Segment Start: Records for this exercise

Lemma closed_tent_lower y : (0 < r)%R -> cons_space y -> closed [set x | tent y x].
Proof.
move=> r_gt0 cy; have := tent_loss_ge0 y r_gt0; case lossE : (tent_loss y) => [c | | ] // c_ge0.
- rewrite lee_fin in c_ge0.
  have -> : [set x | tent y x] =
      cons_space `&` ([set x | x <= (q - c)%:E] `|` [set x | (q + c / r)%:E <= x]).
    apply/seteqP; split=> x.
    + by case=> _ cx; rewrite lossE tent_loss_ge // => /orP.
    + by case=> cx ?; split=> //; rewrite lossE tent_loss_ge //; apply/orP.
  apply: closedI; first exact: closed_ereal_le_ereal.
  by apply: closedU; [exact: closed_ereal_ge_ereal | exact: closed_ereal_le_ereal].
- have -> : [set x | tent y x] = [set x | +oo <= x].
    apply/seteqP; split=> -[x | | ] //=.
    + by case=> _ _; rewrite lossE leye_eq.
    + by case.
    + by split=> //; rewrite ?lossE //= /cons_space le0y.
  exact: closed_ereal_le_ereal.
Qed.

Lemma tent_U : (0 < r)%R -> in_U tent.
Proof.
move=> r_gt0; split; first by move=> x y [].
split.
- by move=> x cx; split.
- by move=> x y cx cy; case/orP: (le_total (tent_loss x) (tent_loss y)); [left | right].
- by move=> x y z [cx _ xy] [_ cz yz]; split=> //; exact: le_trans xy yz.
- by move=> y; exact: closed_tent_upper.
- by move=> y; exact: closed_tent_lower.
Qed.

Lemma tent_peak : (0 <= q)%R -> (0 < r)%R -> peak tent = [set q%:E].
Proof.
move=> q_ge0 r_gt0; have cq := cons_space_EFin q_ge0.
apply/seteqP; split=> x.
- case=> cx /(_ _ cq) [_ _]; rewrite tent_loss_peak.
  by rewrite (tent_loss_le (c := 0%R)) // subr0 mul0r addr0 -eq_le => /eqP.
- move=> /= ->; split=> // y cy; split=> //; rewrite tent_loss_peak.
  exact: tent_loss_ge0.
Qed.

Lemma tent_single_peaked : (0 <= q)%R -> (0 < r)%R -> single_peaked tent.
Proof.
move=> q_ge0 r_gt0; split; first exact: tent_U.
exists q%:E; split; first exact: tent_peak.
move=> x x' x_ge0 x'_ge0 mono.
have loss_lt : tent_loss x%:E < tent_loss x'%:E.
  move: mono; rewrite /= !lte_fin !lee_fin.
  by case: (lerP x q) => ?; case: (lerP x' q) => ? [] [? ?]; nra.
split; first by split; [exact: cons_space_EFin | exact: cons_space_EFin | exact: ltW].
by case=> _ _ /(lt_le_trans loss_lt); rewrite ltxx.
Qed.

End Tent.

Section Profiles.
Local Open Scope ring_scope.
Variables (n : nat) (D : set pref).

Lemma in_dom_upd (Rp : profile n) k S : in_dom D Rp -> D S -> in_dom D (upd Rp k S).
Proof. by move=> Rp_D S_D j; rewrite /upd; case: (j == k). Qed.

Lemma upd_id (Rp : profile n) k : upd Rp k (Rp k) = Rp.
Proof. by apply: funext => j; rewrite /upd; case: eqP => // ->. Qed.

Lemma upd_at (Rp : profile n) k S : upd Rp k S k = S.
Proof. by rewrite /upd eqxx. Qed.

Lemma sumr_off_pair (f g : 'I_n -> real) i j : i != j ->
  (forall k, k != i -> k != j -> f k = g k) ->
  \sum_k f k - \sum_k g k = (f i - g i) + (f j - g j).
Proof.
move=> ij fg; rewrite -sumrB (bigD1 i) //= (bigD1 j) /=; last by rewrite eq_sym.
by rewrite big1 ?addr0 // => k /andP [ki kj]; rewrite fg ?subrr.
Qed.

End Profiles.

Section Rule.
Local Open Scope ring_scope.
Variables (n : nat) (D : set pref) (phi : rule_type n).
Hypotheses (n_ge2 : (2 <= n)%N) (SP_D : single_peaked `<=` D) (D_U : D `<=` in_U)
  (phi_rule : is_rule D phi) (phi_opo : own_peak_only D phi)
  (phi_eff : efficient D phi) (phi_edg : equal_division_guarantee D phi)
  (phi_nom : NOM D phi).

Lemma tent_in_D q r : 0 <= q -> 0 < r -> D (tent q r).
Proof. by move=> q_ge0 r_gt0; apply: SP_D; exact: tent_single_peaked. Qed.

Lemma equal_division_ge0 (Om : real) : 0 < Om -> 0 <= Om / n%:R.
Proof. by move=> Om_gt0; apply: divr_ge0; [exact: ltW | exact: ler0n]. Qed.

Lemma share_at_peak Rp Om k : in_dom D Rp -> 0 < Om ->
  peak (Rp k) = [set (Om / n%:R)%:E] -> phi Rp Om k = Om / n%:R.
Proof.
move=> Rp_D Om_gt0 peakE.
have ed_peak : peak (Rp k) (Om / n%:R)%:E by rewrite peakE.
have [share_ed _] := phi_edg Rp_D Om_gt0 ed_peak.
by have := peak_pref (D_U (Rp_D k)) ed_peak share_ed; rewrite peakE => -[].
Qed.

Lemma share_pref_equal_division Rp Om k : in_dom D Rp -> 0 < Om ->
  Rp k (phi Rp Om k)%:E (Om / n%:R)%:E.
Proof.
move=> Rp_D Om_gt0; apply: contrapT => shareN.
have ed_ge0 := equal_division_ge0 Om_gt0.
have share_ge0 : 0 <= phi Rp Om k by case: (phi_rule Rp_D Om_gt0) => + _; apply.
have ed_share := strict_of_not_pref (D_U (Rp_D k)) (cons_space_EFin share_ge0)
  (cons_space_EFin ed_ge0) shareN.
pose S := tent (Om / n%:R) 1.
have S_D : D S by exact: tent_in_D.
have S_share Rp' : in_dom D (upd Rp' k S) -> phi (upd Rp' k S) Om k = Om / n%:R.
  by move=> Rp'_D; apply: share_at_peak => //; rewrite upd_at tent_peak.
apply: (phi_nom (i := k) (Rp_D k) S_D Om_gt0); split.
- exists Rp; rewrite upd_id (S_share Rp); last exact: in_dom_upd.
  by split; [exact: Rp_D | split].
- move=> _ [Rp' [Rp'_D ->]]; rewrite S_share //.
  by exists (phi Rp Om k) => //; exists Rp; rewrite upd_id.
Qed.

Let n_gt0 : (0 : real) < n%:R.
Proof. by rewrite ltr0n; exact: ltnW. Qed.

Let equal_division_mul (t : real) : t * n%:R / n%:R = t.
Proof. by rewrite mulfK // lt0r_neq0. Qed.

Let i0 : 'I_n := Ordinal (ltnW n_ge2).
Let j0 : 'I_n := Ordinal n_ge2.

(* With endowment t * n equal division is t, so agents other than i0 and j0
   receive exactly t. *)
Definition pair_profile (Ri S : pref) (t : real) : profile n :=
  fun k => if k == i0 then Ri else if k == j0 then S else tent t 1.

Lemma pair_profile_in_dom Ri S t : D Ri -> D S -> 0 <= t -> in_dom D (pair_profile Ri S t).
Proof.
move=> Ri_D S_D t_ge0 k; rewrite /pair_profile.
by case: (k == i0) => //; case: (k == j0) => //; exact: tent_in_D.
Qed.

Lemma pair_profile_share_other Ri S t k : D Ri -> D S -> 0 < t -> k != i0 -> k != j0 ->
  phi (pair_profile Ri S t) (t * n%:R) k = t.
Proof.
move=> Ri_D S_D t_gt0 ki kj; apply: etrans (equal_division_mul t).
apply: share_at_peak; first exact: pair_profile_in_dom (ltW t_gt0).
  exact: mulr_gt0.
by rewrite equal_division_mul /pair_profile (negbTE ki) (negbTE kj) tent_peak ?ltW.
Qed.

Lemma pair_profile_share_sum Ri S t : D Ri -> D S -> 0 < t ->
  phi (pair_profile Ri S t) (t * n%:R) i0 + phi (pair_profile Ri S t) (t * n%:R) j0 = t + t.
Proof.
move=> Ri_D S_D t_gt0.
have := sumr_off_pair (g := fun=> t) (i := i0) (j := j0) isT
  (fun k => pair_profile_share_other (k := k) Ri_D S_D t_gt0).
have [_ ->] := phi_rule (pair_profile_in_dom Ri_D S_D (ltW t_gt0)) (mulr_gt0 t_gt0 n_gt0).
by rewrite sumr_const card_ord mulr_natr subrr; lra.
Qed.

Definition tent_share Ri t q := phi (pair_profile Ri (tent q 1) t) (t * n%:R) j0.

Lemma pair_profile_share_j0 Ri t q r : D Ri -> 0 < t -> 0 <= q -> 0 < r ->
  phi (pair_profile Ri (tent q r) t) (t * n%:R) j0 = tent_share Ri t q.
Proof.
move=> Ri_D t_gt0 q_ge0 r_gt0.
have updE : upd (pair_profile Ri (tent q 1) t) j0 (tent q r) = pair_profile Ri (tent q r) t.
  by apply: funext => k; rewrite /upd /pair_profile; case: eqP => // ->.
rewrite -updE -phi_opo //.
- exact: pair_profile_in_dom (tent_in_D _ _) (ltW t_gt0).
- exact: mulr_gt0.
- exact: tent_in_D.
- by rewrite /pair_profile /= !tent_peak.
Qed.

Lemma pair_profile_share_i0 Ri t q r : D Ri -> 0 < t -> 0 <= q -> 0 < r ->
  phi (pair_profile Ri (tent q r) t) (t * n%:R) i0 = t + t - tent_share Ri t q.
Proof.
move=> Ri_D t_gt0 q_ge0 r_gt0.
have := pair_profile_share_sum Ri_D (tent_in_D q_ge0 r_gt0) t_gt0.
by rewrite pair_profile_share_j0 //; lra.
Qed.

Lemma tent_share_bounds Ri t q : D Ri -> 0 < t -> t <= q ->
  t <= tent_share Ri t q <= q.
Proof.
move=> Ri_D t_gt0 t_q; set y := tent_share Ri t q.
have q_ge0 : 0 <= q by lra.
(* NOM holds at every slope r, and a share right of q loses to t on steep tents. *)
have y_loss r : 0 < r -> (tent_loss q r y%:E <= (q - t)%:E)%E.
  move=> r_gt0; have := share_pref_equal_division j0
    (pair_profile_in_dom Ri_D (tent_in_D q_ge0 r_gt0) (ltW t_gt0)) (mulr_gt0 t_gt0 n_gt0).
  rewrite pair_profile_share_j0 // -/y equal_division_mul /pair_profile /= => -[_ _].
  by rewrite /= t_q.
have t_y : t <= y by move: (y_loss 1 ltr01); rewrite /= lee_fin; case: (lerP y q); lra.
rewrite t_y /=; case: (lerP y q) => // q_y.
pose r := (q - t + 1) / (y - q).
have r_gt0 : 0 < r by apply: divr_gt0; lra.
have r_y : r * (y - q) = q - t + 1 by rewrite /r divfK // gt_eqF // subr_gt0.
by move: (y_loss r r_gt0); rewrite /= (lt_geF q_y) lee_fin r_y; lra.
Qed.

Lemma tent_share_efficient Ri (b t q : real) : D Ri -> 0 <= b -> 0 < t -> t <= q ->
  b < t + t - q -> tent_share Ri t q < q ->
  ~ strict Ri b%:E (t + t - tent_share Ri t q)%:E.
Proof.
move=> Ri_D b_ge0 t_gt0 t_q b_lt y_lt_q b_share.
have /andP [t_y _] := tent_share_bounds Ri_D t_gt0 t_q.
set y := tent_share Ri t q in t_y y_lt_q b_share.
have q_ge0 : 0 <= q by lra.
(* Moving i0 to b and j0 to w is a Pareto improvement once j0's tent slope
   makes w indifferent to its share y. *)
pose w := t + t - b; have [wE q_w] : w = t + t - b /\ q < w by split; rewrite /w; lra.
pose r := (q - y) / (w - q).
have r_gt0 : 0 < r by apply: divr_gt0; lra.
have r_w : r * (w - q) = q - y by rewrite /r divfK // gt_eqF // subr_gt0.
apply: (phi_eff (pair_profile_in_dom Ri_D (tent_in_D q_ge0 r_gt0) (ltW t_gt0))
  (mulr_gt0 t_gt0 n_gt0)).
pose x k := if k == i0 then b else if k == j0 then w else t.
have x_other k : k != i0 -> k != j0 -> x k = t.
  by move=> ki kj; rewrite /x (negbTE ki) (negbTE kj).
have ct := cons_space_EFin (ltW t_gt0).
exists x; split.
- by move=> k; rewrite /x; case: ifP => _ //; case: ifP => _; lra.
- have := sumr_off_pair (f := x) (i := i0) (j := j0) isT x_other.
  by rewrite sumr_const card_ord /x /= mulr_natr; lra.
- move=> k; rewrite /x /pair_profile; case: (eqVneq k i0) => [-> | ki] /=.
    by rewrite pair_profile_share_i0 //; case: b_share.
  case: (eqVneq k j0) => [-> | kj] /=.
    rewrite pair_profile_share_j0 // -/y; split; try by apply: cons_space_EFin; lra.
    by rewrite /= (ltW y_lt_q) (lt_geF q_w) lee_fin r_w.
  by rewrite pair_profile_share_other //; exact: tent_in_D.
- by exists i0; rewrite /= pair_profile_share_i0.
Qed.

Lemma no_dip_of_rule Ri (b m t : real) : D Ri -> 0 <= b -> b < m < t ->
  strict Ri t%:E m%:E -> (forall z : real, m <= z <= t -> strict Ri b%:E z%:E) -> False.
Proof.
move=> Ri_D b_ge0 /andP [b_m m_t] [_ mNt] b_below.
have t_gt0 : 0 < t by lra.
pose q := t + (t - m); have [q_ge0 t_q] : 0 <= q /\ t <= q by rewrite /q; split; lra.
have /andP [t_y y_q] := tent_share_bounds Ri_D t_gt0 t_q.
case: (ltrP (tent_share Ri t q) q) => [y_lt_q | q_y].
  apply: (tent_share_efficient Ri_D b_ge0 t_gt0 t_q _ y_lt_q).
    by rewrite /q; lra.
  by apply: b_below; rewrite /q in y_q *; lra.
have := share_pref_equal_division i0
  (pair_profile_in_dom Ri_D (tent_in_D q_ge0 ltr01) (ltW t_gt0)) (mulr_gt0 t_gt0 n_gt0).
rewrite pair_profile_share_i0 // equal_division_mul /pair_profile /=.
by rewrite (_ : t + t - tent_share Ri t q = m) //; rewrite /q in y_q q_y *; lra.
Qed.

Segment End: Records for this exercise

**Task brief:** Lines from the top of the data above through the line containing "- by move=> x cx; split." must be repeated exactly. All other lines stay out.

**Expected answer:**
Lemma closed_tent_lower y : (0 < r)%R -> cons_space y -> closed [set x | tent y x].
Proof.
move=> r_gt0 cy; have := tent_loss_ge0 y r_gt0; case lossE : (tent_loss y) => [c | | ] // c_ge0.
- rewrite lee_fin in c_ge0.
  have -> : [set x | tent y x] =
      cons_space `&` ([set x | x <= (q - c)%:E] `|` [set x | (q + c / r)%:E <= x]).
    apply/seteqP; split=> x.
    + by case=> _ cx; rewrite lossE tent_loss_ge // => /orP.
    + by case=> cx ?; split=> //; rewrite lossE tent_loss_ge //; apply/orP.
  apply: closedI; first exact: closed_ereal_le_ereal.
  by apply: closedU; [exact: closed_ereal_ge_ereal | exact: closed_ereal_le_ereal].
- have -> : [set x | tent y x] = [set x | +oo <= x].
    apply/seteqP; split=> -[x | | ] //=.
    + by case=> _ _; rewrite lossE leye_eq.
    + by case.
    + by split=> //; rewrite ?lossE //= /cons_space le0y.
  exact: closed_ereal_le_ereal.
Qed.

Lemma tent_U : (0 < r)%R -> in_U tent.
Proof.
move=> r_gt0; split; first by move=> x y [].
split.
- by move=> x cx; split.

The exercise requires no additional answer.